(Stored items)
Lemma dnorm_row_schmidt_coord i : '[row i R] = '[row i A].
Proof. by rewrite -(dotmx_unitary _ _ schmidt_unitary) row_schmidt_coordK. Qed.

Lemma norm_det_schmidt_coord : `|\det A| = \prod_i R i i.
Proof.
rewrite -{1}schmidt_coordK det_mulmx normrM (norm_det_unitary schmidt_unitary).
rewrite mulr1 (det_trig (schmidt_coord_trig _ _)) // normr_prod.
by apply: eq_bigr => i _; rewrite ger0_norm ?schmidt_coord_diag_ge0.
Qed.

Lemma schmidt_coord_diag_neq0 i : A \in unitmx -> R i i != 0.
Proof.
rewrite unitmxE unitfE -normr_eq0 norm_det_schmidt_coord.
by apply: contra => Rii0; rewrite (bigD1 i) //= (eqP Rii0) mul0r.
Qed.

End SquareSchmidtCoordinates.

Section FaceDistance.
Variables (C : numClosedFieldType) (n : nat) (u : 'I_n.+1 -> 'rV[C]_n.+1).
Local Notation "''[' u , v ]" := (@dotmx C _ u v).
Local Notation "''[' u ]" := '[u, u].
Local Notation A := (rowsmx u).
Local Notation B := (schmidt A).
Local Notation R := (schmidt_coord A).

Let R_trig : is_trig_mx R := schmidt_coord_trig A (leqnn n.+1).

Lemma row_rowsmx i : row i A = u i.
Proof. by apply/rowP => k; rewrite !mxE. Qed.

Lemma face_dist_ge0 i d : is_face_dist u i d -> 0 <= d.
Proof. by move=> [[x [_ [_ <-]]] _]; rewrite sqrtC_ge0 wedge_norm2_ge0. Qed.

Hypothesis u_unit : forall i, unitv (u i).

Lemma dnorm_row_schmidt_coord_rowsmx i : '[row i R] = 1.
Proof. by rewrite dnorm_row_schmidt_coord row_rowsmx -hnorm2E u_unit. Qed.

Lemma schmidt_coord00 : R ord0 ord0 = 1.
Proof.
have [p p0 rowR0] := trig_row_decomp ord0 R_trig.
have dnorm_p : '[p] = 0.
  have -> : p = 0 by apply/rowP => k; rewrite p0 ?mxE.
  exact: dotmx0l.
have /eqP := dnorm_row_schmidt_coord_rowsmx ord0.
rewrite rowR0 dnorm_add_delta // dnorm_p add0r.
have R00_ge0 := schmidt_coord_diag_ge0 A ord0.
by rewrite conj_Creal ?ger0_real // -expr2 sqrp_eq1 // => /eqP.
Qed.

Lemma norm_det_rowsmx : `|\det A| = \prod_(i < n) R (lift ord0 i) (lift ord0 i).
Proof. by rewrite norm_det_schmidt_coord big_ord_recl schmidt_coord00 mul1r. Qed.

Hypothesis u_free : row_free A.

Let A_unit : A \in unitmx. Proof. by rewrite -row_free_unit. Qed.

Lemma in_face_schmidt (i : 'I_n.+1) xi : supported_below i xi -> in_face u i (xi *m B).
Proof.
move=> xi_i; pose c := xi *m B *m invmx A.
have cA : c *m A = xi *m B by rewrite mulmxKV.
have cR : c *m R = xi by rewrite /schmidt_coord mulmxA cA mulmxtVK ?schmidt_unitary.
have c_i : supported_below i c.
  apply: (supported_below_trig_mulmx R_trig); last by rewrite cR.
  by move=> k; apply: schmidt_coord_diag_neq0.
exists (c 0); split; first exact: c_i.
by rewrite -cA mulmx_sum_row; apply: eq_bigr => k _; rewrite row_rowsmx.
Qed.

Lemma face_dist_le_schmidt_coord (i : 'I_n.+1) d :
  (0 < i)%N -> is_face_dist u i d -> d <= R i i.
Proof.
move=> i_gt0 [_ d_min].
have [p p_i rowRi] := trig_row_decomp i R_trig.
have [xi [xi_unit xi_i xi_p]] := exists_aligned_unit (k0 := ord0) i_gt0 p_i.
have Rii_ge0 := schmidt_coord_diag_ge0 A i.
have norm_p : '[p] = 1 - R i i ^+ 2.
  rewrite -(dnorm_row_schmidt_coord_rowsmx i) rowRi dnorm_add_delta //.
  by rewrite conj_Creal ?ger0_real // addrK.
apply: le_trans (d_min (xi *m B) _ (in_face_schmidt xi_i)) _.
  by rewrite /unitv hnorm2E dotmx_unitary ?schmidt_unitary.
rewrite /fs_dist -row_rowsmx -row_schmidt_coordK wedge_norm2_unitary ?schmidt_unitary //.
rewrite wedge_norm2_lagrange dnorm_row_schmidt_coord_rowsmx xi_unit mul1r.
rewrite rowRi -[dotmx xi _]dotmxC !(dotmx_add_delta _ _ xi_i) dotmxC xi_p norm_p.
by rewrite opprB addrC subrK sqrCK.
Qed.

End FaceDistance.

Theorem mainTheorem8 (C : numClosedFieldType) (n : nat) (hn : (1 <= n)%N)
    (u : 'I_n.+1 -> 'rV[C]_n.+1)
    (hunit : forall i, unitv (u i))
    (hind : row_free (rowsmx u))
    (d : 'I_n.+1 -> C)
    (hd : forall j, is_face_dist u j (d j))
    (dmin : C)
    (hmin1 : exists j, d j = dmin)
    (hmin2 : forall j, dmin <= d j) :
  dmin ^+ n <= `|\det (rowsmx u)| /\
  (dmin ^+ n = `|\det (rowsmx u)| -> (n <= #|[set j | d j == dmin]|)%N).
Proof.
set R := schmidt_coord (rowsmx u).
have d_le i : d (lift ord0 i) <= R (lift ord0 i) (lift ord0 i).
  by apply: (face_dist_le_schmidt_coord hunit hind _ (hd _)); rewrite lift0.
have dmin_ge0 : 0 <= dmin by have [j <-] := hmin1; apply: face_dist_ge0 (hd j).
have det_eq := norm_det_rowsmx hunit.
have pow_eq : dmin ^+ n = \prod_(i < n) dmin by rewrite prodr_const card_ord.
split => [|eq_det].
  rewrite det_eq pow_eq ler_prod // => i _.
  by rewrite dmin_ge0 (le_trans (hmin2 _) (d_le i)).
have dmin_gt0 : 0 < dmin.
  rewrite lt_def dmin_ge0 andbT; apply: contraTneq hind => dmin0.
  rewrite row_free_unit unitmxE unitfE -normr_eq0 -eq_det dmin0 expr0n.
  by rewrite eqn0Ngt hn eqxx.
have R_eq i : dmin = R (lift ord0 i) (lift ord0 i).
  rewrite pow_eq det_eq in eq_det; apply: (ler_prod_eq _ eq_det) => // j _.
  by rewrite dmin_gt0 (le_trans (hmin2 _) (d_le j)).
have d_eq i : d (lift ord0 i) = dmin.
  by apply/eqP; rewrite eq_le hmin2 [X in _ <= X](R_eq i) d_le.
apply: leq_trans (subset_leq_card (_ : [set~ ord0] \subset _)).
  by rewrite cardsC1 card_ord.
apply/subsetP => j; rewrite !inE eq_sym => /unlift_some [i -> _].
by rewrite d_eq.
Qed.
(* Let $T=(T_a,T_b)$ be a rooted binary tree on $n$ leaves with minimal Colless index, where $T_a,T_b$ have $n_a\geq n_b$ leaves. Let $T_n^{gfb}=(T_a^{gfb},T_b^{gfb})$ with $n_a^{gfb}\geq n_b^{gfb}$ leaves and $T_n^{mb}=(T_a^{mb},T_b^{mb})$ with $n_a^{mb}\geq n_b^{mb}$ leaves. Then $$n_a^{gfb}\geq n_a\geq n_a^{mb}\quad\text{and}\quad n_b^{gfb}\leq n_b\leq n_b^{mb}.$$
   Context: A rooted binary tree with $n\geq 2$ leaves is a rooted tree whose root has degree 2 and all other internal nodes have degree 3; for $n=1$ it is a single node. Trees are up to isomorphism. $T=(T_a,T_b)$ denotes the decomposition into the subtrees rooted at the children of the root. For an internal node $v$ with children $v_1,v_2$, let $\kappa(v_i)$ be the number of leaves descending from $v_i$ ($1$ if a leaf) and $bal(v)=|\kappa(v_1)-\kappa(v_2)|$. The Colless index is $\mathcal{C}(T)=\sum_v bal(v)$ over internal nodes; minimal means minimal among rooted binary trees with $n$ leaves. $T_n^{mb}$ is the unique tree with $n$ leaves having $bal(v)\leq1$ at every internal node (maximally balanced tree). The GFB tree $T_n^{gfb}$ is the output of: start with $n$ single-node trees; while more than one tree remains, remove a tree $u$ of minimal size (number of leaves), then remove a tree $v$ of minimal size among the remaining ones, and insert the tree with a new root whose children are the roots of $u$ and $v$; output the remaining tree. *)

From mathcomp Require Import all_boot.
From Stdlib Require Import Permutation.
Set Implicit Arguments. Unset Strict Implicit. Unset Printing Implicit Defensive.

(* Rooted binary trees (unlabelled; isomorphism is irrelevant since every
   quantity below is an isomorphism invariant). Node l r = tree whose root
   has children the roots of l and r. *)
Inductive tree : Type := Leaf | Node of tree & tree.

Fixpoint leaves (t : tree) : nat :=
  match t with Leaf => 1 | Node l r => leaves l + leaves r end.

Definition bal (l r : tree) : nat := (leaves l - leaves r) + (leaves r - leaves l).

Fixpoint colless (t : tree) : nat :=
  match t with Leaf => 0 | Node l r => colless l + colless r + bal l r end.

Definition colless_minimal (t : tree) : Prop :=
  forall t' : tree, leaves t' = leaves t -> colless t <= colless t'.

(* bal(v) <= 1 at every internal node: characterizes T_n^mb *)
Fixpoint max_balanced (t : tree) : Prop :=
  match t with
  | Leaf => True
  | Node l r => bal l r <= 1 /\ max_balanced l /\ max_balanced r
  end.

(* One step of the GFB algorithm on a multiset (list up to permutation) of
   trees: remove a tree u of minimal size, then a tree v of minimal size among
   the remaining ones, and insert the tree with children u and v. *)
Inductive gfb_step : seq tree -> seq tree -> Prop :=
| GfbStep (s : seq tree) (u v : tree) (rest : seq tree) :
    Permutation s (u :: v :: rest) ->
    all (fun t => leaves u <= leaves t) (v :: rest) ->
    all (fun t => leaves v <= leaves t) rest ->
    gfb_step s (Node u v :: rest).

Inductive gfb_reach : seq tree -> seq tree -> Prop :=
| GfbRefl s : gfb_reach s s
| GfbTrans s1 s2 s3 : gfb_step s1 s2 -> gfb_reach s2 s3 -> gfb_reach s1 s3.

(* t is a possible output of the GFB algorithm started on n single-node trees
   (any choice among ties is allowed). *)
Definition is_gfb (n : nat) (t : tree) : Prop := gfb_reach (nseq n Leaf) [:: t].

Definition root_na (t : tree) : nat :=
  match t with Leaf => 1 | Node l r => maxn (leaves l) (leaves r) end.
Definition root_nb (t : tree) : nat :=
  match t with Leaf => 0 | Node l r => minn (leaves l) (leaves r) end.

(* The minimal Colless index c(n) obeys c(n) = c(ceil(n/2)) + c(floor(n/2)) + (n mod 2)
   and c(a + b) <= c(a) + c(b) + |a - b| for all a, b.  The root split (a, b) of a
   Colless-minimal tree therefore attains equality, and by induction on k, equality with
   2^(k+1) <= a + b <= 2^(k+2) forces 2^k <= a, b <= 2^(k+1).  Meanwhile GFB keeps every
   tree between 2^k and 2^(k+1) leaves, with at most one strictly in between, so its root
   split is the most unbalanced one in that range.  The maximally balanced split
   (ceil(n/2), floor(n/2)) is trivially the most balanced of all. *)

(* Imported before MathComp, whose [perm_trans] the Stdlib constructor would shadow. *)
From Stdlib Require Import Permutation.
From mathcomp Require Import all_boot zify.

Set Implicit Arguments.
Unset Strict Implicit.
Unset Printing Implicit Defensive.

Lemma parity n : exists x, n = x.*2 \/ n = x.*2.+1.
Proof. exists n./2; have := odd_double_half n; case: (odd n) => /= <-; [right|left]; lia. Qed.

(* [cmin n] is the Colless index of the maximally balanced tree with [n] leaves; fuel [n]
   suffices because both halves of [n >= 2] are smaller than [n]. *)
Fixpoint cmin_rec (fuel n : nat) : nat :=
  if fuel is fuel.+1 then
    if n <= 1 then 0 else cmin_rec fuel (uphalf n) + cmin_rec fuel n./2 + odd n
  else 0.

Definition cmin (n : nat) : nat := cmin_rec n n.

Lemma cmin_rec_fuel f g n : n <= f -> n <= g -> cmin_rec f n = cmin_rec g n.
Proof.
elim: f g n => [|f IHf] [|g] n //= le_nf le_ng; try by rewrite ifT; lia.
by case: ifP => // n_gt1; rewrite (IHf g (uphalf n)) ?(IHf g n./2); lia.
Qed.

Lemma cmin_small n : n <= 1 -> cmin n = 0.
Proof. by case: n => [|[|]]. Qed.

Lemma cminE n : 1 < n -> cmin n = cmin (uphalf n) + cmin n./2 + odd n.
Proof.
case: n => // n n_gt1.
have cmin_rec_succ m : cmin_rec n.+1 m =
    if m <= 1 then 0 else cmin_rec n (uphalf m) + cmin_rec n m./2 + odd m by [].
rewrite [LHS]cmin_rec_succ ifN -?ltnNge // /cmin.
by rewrite (@cmin_rec_fuel n (uphalf n.+1)) ?(@cmin_rec_fuel n n.+1./2); lia.
Qed.

Lemma cmin_double k : cmin k.*2 = (cmin k).*2.
Proof.
case: k => [|k] //; rewrite cminE ?uphalf_double ?doubleK ?odd_double; lia.
Qed.

Lemma cmin_double_succ k : cmin k.*2.+1 = cmin k.+1 + cmin k + (0 < k).
Proof.
case: k => [|k] //; rewrite cminE /= ?uphalf_double ?doubleK ?odd_double; lia.
Qed.

(* The least Colless index of a tree whose root splits [a + b] leaves as [a] and [b]. *)
Definition split_cost (a b : nat) : nat := cmin a + cmin b + ((a - b) + (b - a)).

Lemma split_costC a b : split_cost a b = split_cost b a.
Proof. rewrite /split_cost; lia. Qed.

Lemma split_costn0 a : split_cost a 0 = cmin a + a.
Proof. by rewrite /split_cost (@cmin_small 0) // addn0 subn0 sub0n addn0. Qed.

Lemma split_cost_double x y : split_cost x.*2 y.*2 = (split_cost x y).*2.
Proof. rewrite /split_cost !cmin_double; lia. Qed.

Lemma split_cost_double_succ x y :
  split_cost x.*2 y.*2.+1 = split_cost x y + split_cost x y.+1 + (0 < y).
Proof. rewrite /split_cost cmin_double cmin_double_succ; lia. Qed.

Lemma split_cost_succ_double x y : 0 < x + y ->
  split_cost x y.+1 + split_cost x.+1 y <= split_cost x.*2.+1 y.*2.+1.
Proof. rewrite /split_cost !cmin_double_succ; lia. Qed.

Lemma cmin_le_split_cost a b : cmin (a + b) <= split_cost a b.
Proof.
have [m] := ubnP (a + b); elim: m a b => // m IH a b /ltnSE le_ab_m.
have [/cmin_small -> // | ab_gt1] := leqP (a + b) 1.
wlog le_odd : a b le_ab_m ab_gt1 / odd a <= odd b.
  move=> W; case: (leqP (odd a) (odd b)) => [|/ltnW]; first exact: W.
  by rewrite addnC split_costC; apply: W; rewrite // addnC.
move: le_ab_m ab_gt1 le_odd; have [x [->|->]] := parity a; have [y [->|->]] := parity b;
  rewrite /= ?odd_double // => le_ab_m ab_gt1 _.
- rewrite -doubleD cmin_double split_cost_double leq_double; apply: IH; lia.
- rewrite addnS -doubleD cmin_double_succ split_cost_double_succ.
  have := IH x y.+1; have := IH x y; rewrite addnS.
  case: (posnP y) => [->|y_gt0]; last by lia.
  by rewrite !addn0 split_costn0; lia.
- rewrite addSn addnS -doubleD -doubleS cmin_double.
  have [xy0|xy_gt0] := posnP (x + y).
    by have [-> ->] : x = 0 /\ y = 0 by lia.
  have := split_cost_succ_double xy_gt0.
  have := IH x y.+1; have := IH x.+1 y; rewrite addnS addSn; lia.
Qed.

Definition between_pow2 (k n : nat) : bool := 2 ^ k <= n <= 2 ^ k.+1.

Lemma between_pow2_tight_split k a b : split_cost a b = cmin (a + b) ->
  between_pow2 k.+1 (a + b) -> between_pow2 k a && between_pow2 k b.
Proof.
elim: k a b => [|k IH] a b tight range.
  move: range; rewrite /between_pow2 !expnS expn0 => range.
  have [a_le4 b_le4] : a <= 4 /\ b <= 4 by lia.
  by case: a a_le4 tight range => [|[|[|[|[|]]]]] //; case: b b_le4 => [|[|[|[|[|]]]]].
have P_gt0 : 0 < 2 ^ k := expn_gt0 2 k.
wlog le_odd : a b tight range / odd a <= odd b.
  move=> W; case: (leqP (odd a) (odd b)) => [|/ltnW]; first exact: W.
  by rewrite andbC; apply: W; rewrite // addnC // split_costC.
move: tight range le_odd; rewrite /between_pow2 !expnS in IH *.
have [x [->|->]] := parity a; have [y [->|->]] := parity b;
  rewrite /= ?odd_double // => tight range _.
- move: tight; rewrite -doubleD cmin_double split_cost_double => /double_inj tight.
  have := IH x y tight; lia.
- move: tight; rewrite addnS -doubleD cmin_double_succ split_cost_double_succ => tight.
  have := cmin_le_split_cost x y.+1; have := cmin_le_split_cost x y.
  rewrite addnS; case: (posnP y) => [y0|y_gt0] le0 le1.
    by move: tight le1; rewrite y0 !addn0 split_costn0; lia.
  have := IH x y ltac:(lia) ltac:(lia); have := IH x y.+1 ltac:(rewrite addnS; lia) ltac:(lia).
  lia.
- move: tight; rewrite addSn addnS -doubleD -doubleS cmin_double => tight.
  have /split_cost_succ_double : 0 < x + y by lia.
  have := cmin_le_split_cost x y.+1; have := cmin_le_split_cost x.+1 y.
  rewrite addnS addSn => le0 le1 le01.
  have := IH x y.+1 ltac:(rewrite addnS; lia) ltac:(rewrite addnS; lia).
  have := IH x.+1 y ltac:(rewrite addSn; lia) ltac:(rewrite addSn; lia).
  lia.
Qed.

Lemma leaves_gt0 t : 0 < leaves t.
Proof. by elim: t => //= l l_gt0 r _; rewrite addn_gt0 l_gt0. Qed.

### GOAL OF THE EXERCISE
Given the data above, transcribe exactly the lines from the one containing "by rewrite !addn0 split_costn0; lia." down to the one containing "move: tight range", and no others.

### ANSWER BELOW
  by rewrite !addn0 split_costn0; lia.
- rewrite addSn addnS -doubleD -doubleS cmin_double.
  have [xy0|xy_gt0] := posnP (x + y).
    by have [-> ->] : x = 0 /\ y = 0 by lia.
  have := split_cost_succ_double xy_gt0.
  have := IH x y.+1; have := IH x.+1 y; rewrite addnS addSn; lia.
Qed.

Definition between_pow2 (k n : nat) : bool := 2 ^ k <= n <= 2 ^ k.+1.

Lemma between_pow2_tight_split k a b : split_cost a b = cmin (a + b) ->
  between_pow2 k.+1 (a + b) -> between_pow2 k a && between_pow2 k b.
Proof.
elim: k a b => [|k IH] a b tight range.
  move: range; rewrite /between_pow2 !expnS expn0 => range.
  have [a_le4 b_le4] : a <= 4 /\ b <= 4 by lia.
  by case: a a_le4 tight range => [|[|[|[|[|]]]]] //; case: b b_le4 => [|[|[|[|[|]]]]].
have P_gt0 : 0 < 2 ^ k := expn_gt0 2 k.
wlog le_odd : a b tight range / odd a <= odd b.
  move=> W; case: (leqP (odd a) (odd b)) => [|/ltnW]; first exact: W.
  by rewrite andbC; apply: W; rewrite // addnC // split_costC.
move: tight range le_odd; rewrite /between_pow2 !expnS in IH *.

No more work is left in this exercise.